Death. Void. Terror. – To the Great Monolith II [Things You Might Have Missed 2020]

One of my main motivations regarding black metal is finding albums like this. Offerings from Ancient Moon, Dolorian, or Amnutseba have come close, hinting at a devastatingly empty atmosphere and pitch-black density through aural executions of dread that invoke the feeling of drifting in the eternal void. Attempts have never really hit the sweet spot, until Death. Void. Terror.‘s 2018 debut To the Great Monolith. This enigmatic and anonymous Swiss collective (associated with the Helvetic Underground Committee) pounced upon my ears with a blackened offering that defied explanation or pigeonholing. Deceptively disheveled and droning at first glance, its formidable chaotic and ritualistic elements emerged from the turbid depths with microscopic precision. And its successor is no exception.

To the Great Monolith‘s greatest asset is its contrast between chaos and precision, plodding and scathing, and at times simultaneously. It’s only fair then that is successor enhances this quality in a surprisingly restrained offering that stakes a step forward: To the Great Monolith II‘s four tracks are surprisingly gentle and sanguine compared to the unrelenting pitch-black atmosphere of its predecessor. While its plodding and murky throes are as, if not more, opaque, its emphasis on nearly liturgical interpretations bring it to another level of eerie. Certainly, comparisons between Grave Upheaval, Batushka, Deathspell Omega, and Dolorian are certainly warranted, but none feel complete. What results is, albeit differing from its predecessor, a truly ominous and stunning piece of blackened music.

A sort of new element of Death. Void. Terror.‘s repertoire is its choral textures and clean Gregorian chant style. While foreboding first track “(- — -)” pays homage to the collective’s doomier passages, these newfound elements show the band’s emphasis on dynamics and restraint: it’s not just chaotic murky black metal on full blast. “(- —)” and “(– – –)” are the most explicitly “blackened” of the bunch (the latter being the closest similarity to the band’s debut), relying on blastbeats, blackened shrieks, and dense ambiance, all buried beneath impenetrable murk and emphasized by its vocal and choral style. Closer “(– –)” channels dissonant earworms reminiscent of Saltas or Wormlust in a stunningly visceral experience that simultaneously pays homage and pushes their style to the brink of madness. While To the Great Monolith was an unceasing blaster of murky black/doom, the sophomore effort’s usage of choral textures and restrained ambiance show dynamics unheard of in much of blackened music.

Death. Void. Terror.‘s trademark opaqueness, like their debut, is To the Great Monolith II‘s biggest selling point. It’s an incredibly inaccessible album that buries any “accessible” dissonant blackened doom tricks beneath a thick layer of haze and ritualistic repetition. Comparisons to other acts are fair, but only go so far.

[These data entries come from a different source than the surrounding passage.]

Lemma inv_INR_small (eps : R) : 0 < eps ->
  exists N : nat, forall n, (N <= n)%nat -> / (INR n + 1) < eps.
Proof.
  intros He. destruct (INR_unbounded (/ eps)) as [N HN]. exists N. intros n Hn.
  apply le_INR in Hn. rewrite <- (Rinv_inv eps). apply Rinv_lt_contravar; [|lra].
  apply Rmult_lt_0_compat; [apply Rinv_0_lt_compat; lra | pose proof (pos_INR n); lra].
Qed.

Lemma sqrt_lt_of_lt_square (x eps : R) : 0 <= x -> 0 < eps -> x < eps * eps -> sqrt x < eps.
Proof. intros. rewrite <- (sqrt_square eps) by lra. apply sqrt_lt_1_alt; lra. Qed.

Section Projection.
Variables (K E : Hilbert) (V : BL K E).
Hypothesis HV : isometry V.
Variable e : E.

Lemma hnorm2_isometry (x : K) : hnorm2 (V x) = hnorm2 x.
Proof. unfold hnorm2; rewrite HV; reflexivity. Qed.

Definition dist2 (k : K) := hnorm2 (hadd e (hopp (V k))).

Lemma dist2_inf : exists d, 0 <= d /\
  (forall k, d <= dist2 k) /\ (forall eps, 0 < eps -> exists k, dist2 k < d + eps).
Proof.
  set (S := fun r => exists k, r = - dist2 k).
  destruct (completeness S) as [m [Hub Hlub]].
  - exists 0. intros r [k ->]. pose proof (hnorm2_ge0 (hadd e (hopp (V k)))). unfold dist2; lra.
  - exists (- dist2 hzero), hzero. reflexivity.
  - exists (- m). split; [|split].
    + assert (m <= 0); [|lra]. apply Hlub. intros r [k ->].
      pose proof (hnorm2_ge0 (hadd e (hopp (V k)))). unfold dist2; lra.
    + intros k. assert (- dist2 k <= m) by (apply Hub; exists k; reflexivity). lra.
    + intros eps He. apply NNPP. intros Hn.
      assert (m <= m - eps); [|lra].
      apply Hlub. intros r [k ->].
      assert (~ dist2 k < - m + eps) by (intro; apply Hn; eauto). lra.
Qed.

(* Parallelogram law at e - V k1, e - V k2, whose half-sum is e - V((k1+k2)/2). *)
Lemma dist2_diff_bound (d : R) : (forall k, d <= dist2 k) ->
  forall k1 k2, hnorm2 (hadd k1 (hopp k2)) <= 2 * (dist2 k1 - d) + 2 * (dist2 k2 - d).
Proof.
  intros Hd k1 k2.
  set (a := hadd e (hopp (V k1))). set (b := hadd e (hopp (V k2))).
  pose proof (parallelogram_law b a) as Hp.
  assert (Emid : hadd b a = hscal (RtoC 2) (hadd e (hopp (V (hscal (RtoC (/ 2)) (hadd k1 k2))))))
    by (unfold a, b; op_simpl; vec_eq).
  assert (Ediff : hadd b (hopp a) = V (hadd k1 (hopp k2))) by (unfold a, b; op_simpl; vec_eq).
  rewrite Emid, Ediff, hnorm2_scal, hnorm2_isometry in Hp; simpl in Hp.
  pose proof (Hd (hscal (RtoC (/ 2)) (hadd k1 k2))). unfold dist2 in *. fold a b. lra.
Qed.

While many albums come and go and I can only think of what or who they reminded me of, To the Great Monolith II, like its predecessor, hits with a depth that makes me feel like I’ve experienced something that words cannot adequately describe. But unlike the collective’s debut, Death. Void. Terror. has crafted a more insidious listen, curling up under your skin and living there, entrancing and maddening in equal measure. While it’s certainly an album deserving repeated listens to peel back its many bloody layers to expose its rewards, it’s certainly a feasible task at forty-three minutes. Disguising malevolent and venomous intent with dynamic songwriting and deceptively melodic textures, To the Great Monolith II is worth a black-hole spot on your year-end lists.

Songs to Get Sucked into Black Holes To: All four of the dashing tracks.